BEGIN Source material
(* Let $G$ be a graph with no induced $P_7$, $C_4$, $C_6$ or $C_7$, and let $H=(B_1,\dots,B_5)$ be a nice blowup of $C_5$ in $G$. For every $v\in V(G)\setminus V(H)$, the set $\operatorname{supp}(v)$ consists of consecutive integers modulo $5$ and has size in $\{0,1,2,3,5\}$.
   Context: Indices modulo $5$. A nice blowup of $C_5$ is a tuple $(B_1,\dots,B_5)$ of pairwise disjoint cliques such that every vertex of $B_i$ has a neighbor in $B_{i-1}$ and in $B_{i+1}$, $B_i$ is anticomplete to $B_{i+2}$, and there are no $a\in B_i$, distinct $b,c\in B_{i+1}$, $d\in B_{i+2}$ with $G[\{a,b,c,d\}]\cong P_4$. $V(H)=B_1\cup\dots\cup B_5$. For $v\notin V(H)$, $\operatorname{supp}(v)=\{i\in\{1,\dots,5\}: v \text{ has a neighbor in } B_i\}$. *)

From mathcomp Require Import all_boot.
Set Implicit Arguments. Unset Strict Implicit. Unset Printing Implicit Defensive.

Definition simple_graph (T : finType) (e : rel T) : Prop :=
  symmetric e /\ irreflexive e.

Definition path_adj (n : nat) (i j : 'I_n) : bool :=
  ((i : nat).+1 == j) || ((j : nat).+1 == i).

Definition cycle_adj (n : nat) (i j : 'I_n) : bool :=
  (((i : nat).+1 %% n) == j) || (((j : nat).+1 %% n) == i).

Definition has_induced (T : finType) (e : rel T) (n : nat) (F : rel 'I_n) : Prop :=
  exists f : 'I_n -> T, injective f /\ forall i j, e (f i) (f j) = F i j.

Definition induces_P4 (T : finType) (e : rel T) (S : {set T}) : Prop :=
  exists f : 'I_4 -> T, injective f /\ [set f i | i : 'I_4] = S /\
    forall i j, e (f i) (f j) = path_adj i j.

Definition is_clique (T : finType) (e : rel T) (A : {set T}) : Prop :=
  forall x y, x \in A -> y \in A -> x != y -> e x y.

(* Indices modulo 5 are 'I_5; i+1 = ordS i, i-1 = ord_pred i. *)
Definition nice_blowup_C5 (T : finType) (e : rel T) (B : 'I_5 -> {set T}) : Prop :=
  (forall i j, i != j -> [disjoint B i & B j]) /\
  (forall i, is_clique e (B i)) /\
  (forall i x, x \in B i ->
      (exists2 y, y \in B (ord_pred i) & e x y) /\
      (exists2 y, y \in B (ordS i) & e x y)) /\
  (forall i x y, x \in B i -> y \in B (ordS (ordS i)) -> ~~ e x y) /\
  (forall i a b c d, a \in B i -> b \in B (ordS i) -> c \in B (ordS i) ->
      b != c -> d \in B (ordS (ordS i)) -> ~ induces_P4 e [set a; b; c; d]).

Definition blowup_vertices (T : finType) (B : 'I_5 -> {set T}) : {set T} :=
  \bigcup_(i < 5) B i.

Definition supp (T : finType) (e : rel T) (B : 'I_5 -> {set T}) (v : T) : {set 'I_5} :=
  [set i : 'I_5 | [exists u in B i, e v u]].

(* S is a set of consecutive integers modulo 5: S = {a, a+1, ..., a+k-1} mod 5 *)
Definition consecutive_mod5 (S : {set 'I_5}) : Prop :=
  exists (a : 'I_5) (k : nat), k <= 5 /\
    S = [set i : 'I_5 | (((i : nat) + 5 - a) %% 5 < k)].

From mathcomp Require Import all_boot.

Set Implicit Arguments.
Unset Strict Implicit.
Unset Printing Implicit Defensive.

(* Suppose v sees B_i and B_(i+2) but not B_(i+1).  Pick neighbours a in B_i
   and c in B_(i+2) of v, a neighbour b of a and a neighbour b' of c in
   B_(i+1).  An edge ab' or bc closes an induced C4 through v; otherwise
   b <> b' and a-b-b'-c is an induced P4, which niceness forbids.  Hence
   supp(v) contains i+1 whenever it contains i and i+2, and the subsets of
   Z/5 with this property are exactly the arcs of length 0, 1, 2, 3 or 5. *)

Lemma ordS5_neq (i : 'I_5) :
  [&& ordS i != i, ordS (ordS i) != i & ordS (ordS i) != ordS i].
Proof. by case: i => [[|[|[|[|[|]]]]]]. Qed.

Section InducedSubgraphs.
Variables (T : finType) (e : rel T).
Hypothesis simple_e : simple_graph e.

Lemma nth_ord_inj n (s : seq T) x : uniq s -> size s = n ->
  injective (fun i : 'I_n => nth x s i).
Proof.
move=> uniq_s size_s i j /eqP; rewrite nth_uniq ?size_s //.
by move/eqP/val_inj.
Qed.

Lemma imset_nth_ord (s : seq T) x0 :
  [set nth x0 s i | i : 'I_(size s)] = [set x in s].
Proof.
apply/setP => x; rewrite inE; apply/imsetP/idP => [[i _ ->]|s_x]; first exact: mem_nth.
by exists (Ordinal (etrans (index_mem x s) s_x)); rewrite /= ?nth_index.
Qed.

Lemma induced_C4 (x0 x1 x2 x3 : T) : uniq [:: x0; x1; x2; x3] ->
  e x0 x1 -> e x1 x2 -> e x2 x3 -> e x3 x0 -> ~~ e x0 x2 -> ~~ e x1 x3 ->
  has_induced e (@cycle_adj 4).
Proof.
have [sym irr] := simple_e.
move=> uniq_x e01 e12 e23 e30 /negbTE n02 /negbTE n13.
exists (fun i : 'I_4 => nth x0 [:: x0; x1; x2; x3] i); split; first exact: nth_ord_inj.
by move=> [[|[|[|[|i]]]] Hi] [[|[|[|[|j]]]] Hj] //=;
  rewrite ?irr // [LHS]sym ?(e01, e12, e23, e30, n02, n13).
Qed.

Lemma induced_P4 (x0 x1 x2 x3 : T) : uniq [:: x0; x1; x2; x3] ->
  e x0 x1 -> e x1 x2 -> e x2 x3 -> ~~ e x0 x2 -> ~~ e x1 x3 -> ~~ e x0 x3 ->
  induces_P4 e [set x0; x1; x2; x3].
Proof.
have [sym irr] := simple_e.
move=> uniq_x e01 e12 e23 /negbTE n02 /negbTE n13 /negbTE n03.
exists (fun i : 'I_4 => nth x0 [:: x0; x1; x2; x3] i); split; last split.
- exact: nth_ord_inj.
- rewrite (imset_nth_ord [:: x0; x1; x2; x3]); apply/setP => x; by rewrite !inE -!orbA.
- by move=> [[|[|[|[|i]]]] Hi] [[|[|[|[|j]]]] Hj] //=;
    rewrite ?irr // [LHS]sym ?(e01, e12, e23, n02, n13, n03).
Qed.
End InducedSubgraphs.

Section NiceBlowup.
Variables (T : finType) (e : rel T) (B : 'I_5 -> {set T}).
Hypotheses (simple_e : simple_graph e) (nice_B : nice_blowup_C5 e B).

Lemma blowup_bags_neq i j x y : x \in B i -> y \in B j -> i != j -> x != y.
Proof.
have [disjB _] := nice_B.
by move=> Bx By neq_ij; apply: contraTneq Bx => ->; rewrite (disjointFl (disjB i j neq_ij)).
Qed.

Lemma outside_blowup_neq v : v \notin blowup_vertices B -> forall i x, x \in B i -> v != x.
Proof. by move=> v_out i x Bx; apply: contraNneq v_out => ->; apply/bigcupP; exists i. Qed.

Lemma bag_path_uniq i a b c :
  a \in B i -> b \in B (ordS i) -> c \in B (ordS (ordS i)) -> uniq [:: a; b; c].
Proof.
move=> Ba Bb Bc; have /and3P[neq10 neq20 neq21] := ordS5_neq i.
rewrite /= !inE !negb_or (blowup_bags_neq Ba Bb) ?(blowup_bags_neq Ba Bc) //.
  by rewrite (blowup_bags_neq Bb Bc) // eq_sym.
all: by rewrite eq_sym.
Qed.

Lemma supp_gap_closed v i : ~ has_induced e (@cycle_adj 4) ->
  v \notin blowup_vertices B -> i \in supp e B v -> ordS (ordS i) \in supp e B v ->
  ordS i \in supp e B v.
Proof.
have [sym _] := simple_e; have [_ [cliqueB [nbrB [antiB noP4]]]] := nice_B.
move=> noC4 v_out; rewrite !inE => /exists_inP[a Ba va] /exists_inP[c Bc vc].
apply: contraT => /exists_inPn v_nbr1; exfalso.
have [_ [b Bb ab]] := nbrB _ _ Ba.
have [[b' Bb' cb'] _] := nbrB _ _ Bc; rewrite ordSK in Bb'.
have ac : ~~ e a c := antiB _ _ _ Ba Bc.
have C4_through_v b1 : b1 \in B (ordS i) -> e a b1 -> e b1 c -> False.
  move=> Bb1 ab1 b1c; apply: noC4; apply: (@induced_C4 _ e simple_e v a b1 c) => //.
  - have v_neq := outside_blowup_neq v_out.
    rewrite (cons_uniq v) (bag_path_uniq Ba Bb1 Bc) !inE !negb_or.
    by rewrite !(v_neq _ _ Ba, v_neq _ _ Bb1, v_neq _ _ Bc).
  - by rewrite sym.
  - exact: v_nbr1.
have ab' : ~~ e a b' by apply/negP => ab'; apply: (C4_through_v b') => //; rewrite sym.
have bc : ~~ e b c by apply/negP; exact: C4_through_v Bb ab.
have bb' : b != b' by apply: contraNneq ab' => <-.
apply: (noP4 i a b b' c Ba Bb Bb' bb' Bc); apply: induced_P4 => //; last by rewrite sym.
- move: (bag_path_uniq Ba Bb Bc) (bag_path_uniq Ba Bb' Bc) => /=; rewrite !inE !negb_or bb'.
  by case/and3P=> /andP[-> ->] -> _ /and3P[/andP[-> _] -> _].
- exact: cliqueB Bb Bb' bb'.
Qed.
End NiceBlowup.

(* A subset of 'I_5 is encoded by its list of membership bits, so that the
   claim becomes a closed computation over the 32 lists; [n.+1 %% 5] is
   [val (ordS n)]. *)
Lemma gap_closed_bits_arc (bs : seq bool) : size bs = 5 ->
  all (fun n => nth false bs n ==> nth false bs ((n.+1 %% 5).+1 %% 5) ==>
                nth false bs (n.+1 %% 5)) (iota 0 5) ->
  has (fun a => has (fun k => all (fun n => nth false bs n == ((n + 5 - a) %% 5 < k))
                                  (iota 0 5)) (iota 0 6)) (iota 0 5)
  && (count (nth false bs) (iota 0 5) \in [:: 0; 1; 2; 3; 5]).
Proof. by case: bs => [|[] [|[] [|[] [|[] [|[] [|]]]]]]. Qed.

Lemma gap_closed_consecutive_mod5 (S : {set 'I_5}) :
  (forall i, i \in S -> ordS (ordS i) \in S -> ordS i \in S) ->
  consecutive_mod5 S /\ #|S| \in [:: 0; 1; 2; 3; 5].
Proof.
move=> gapS; pose bs := [seq i \in S | i <- enum 'I_5].
have bsE (i : 'I_5) : nth false bs i = (i \in S).
  by rewrite (nth_map i) ?size_enum_ord // nth_ord_enum.
have size_bs : size bs = 5 by rewrite size_map size_enum_ord.
have [|arc_bs card_bs] := andP (gap_closed_bits_arc size_bs _).
  apply/allP => n; rewrite mem_iota => /= lt_n5.
  by have := gapS (Ordinal lt_n5); rewrite -!bsE => gap_n; apply/implyP => /gap_n /implyP.
case/hasP: arc_bs => a; rewrite mem_iota => /andP[_ lt_a5].
case/hasP=> k; rewrite mem_iota => /andP[_ lt_k6] /allP arcS.
have -> : #|S| = count (nth false bs) (iota 0 5).
  rewrite -sum1_card -sum1_count -/(index_iota 0 5) big_mkord.
  by apply: eq_bigl => i; rewrite bsE.
split=> //; exists (Ordinal lt_a5), k; split=> //.
by apply/setP => i; rewrite inE -bsE; apply/eqP/arcS; rewrite mem_iota /=.
Qed.

Theorem lemma4p2 (T : finType) (e : rel T) (B : 'I_5 -> {set T}) :
  simple_graph e ->
  ~ has_induced e (@path_adj 7) ->
  ~ has_induced e (@cycle_adj 4) ->
  ~ has_induced e (@cycle_adj 6) ->
  ~ has_induced e (@cycle_adj 7) ->
  nice_blowup_C5 e B ->
  forall v : T, v \notin blowup_vertices B ->
    consecutive_mod5 (supp e B v) /\ #|supp e B v| \in [:: 0; 1; 2; 3; 5].
Proof.
move=> simple_e _ noC4 _ _ nice_B v v_out.
by apply: gap_closed_consecutive_mod5 => i; apply: supp_gap_closed.
Qed.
END Source material
*Your task*. Search the data for the word "case" and copy each line where it appears.

*Result for this task*.
Proof. by case: i => [[|[|[|[|[|]]]]]]. Qed.
  by case/and3P=> /andP[-> ->] -> _ /and3P[/andP[-> _] -> _].
Proof. by case: bs => [|[] [|[] [|[] [|[] [|[] [|]]]]]]. Qed.
case/hasP: arc_bs => a; rewrite mem_iota => /andP[_ lt_a5].
case/hasP=> k; rewrite mem_iota => /andP[_ lt_k6] /allP arcS.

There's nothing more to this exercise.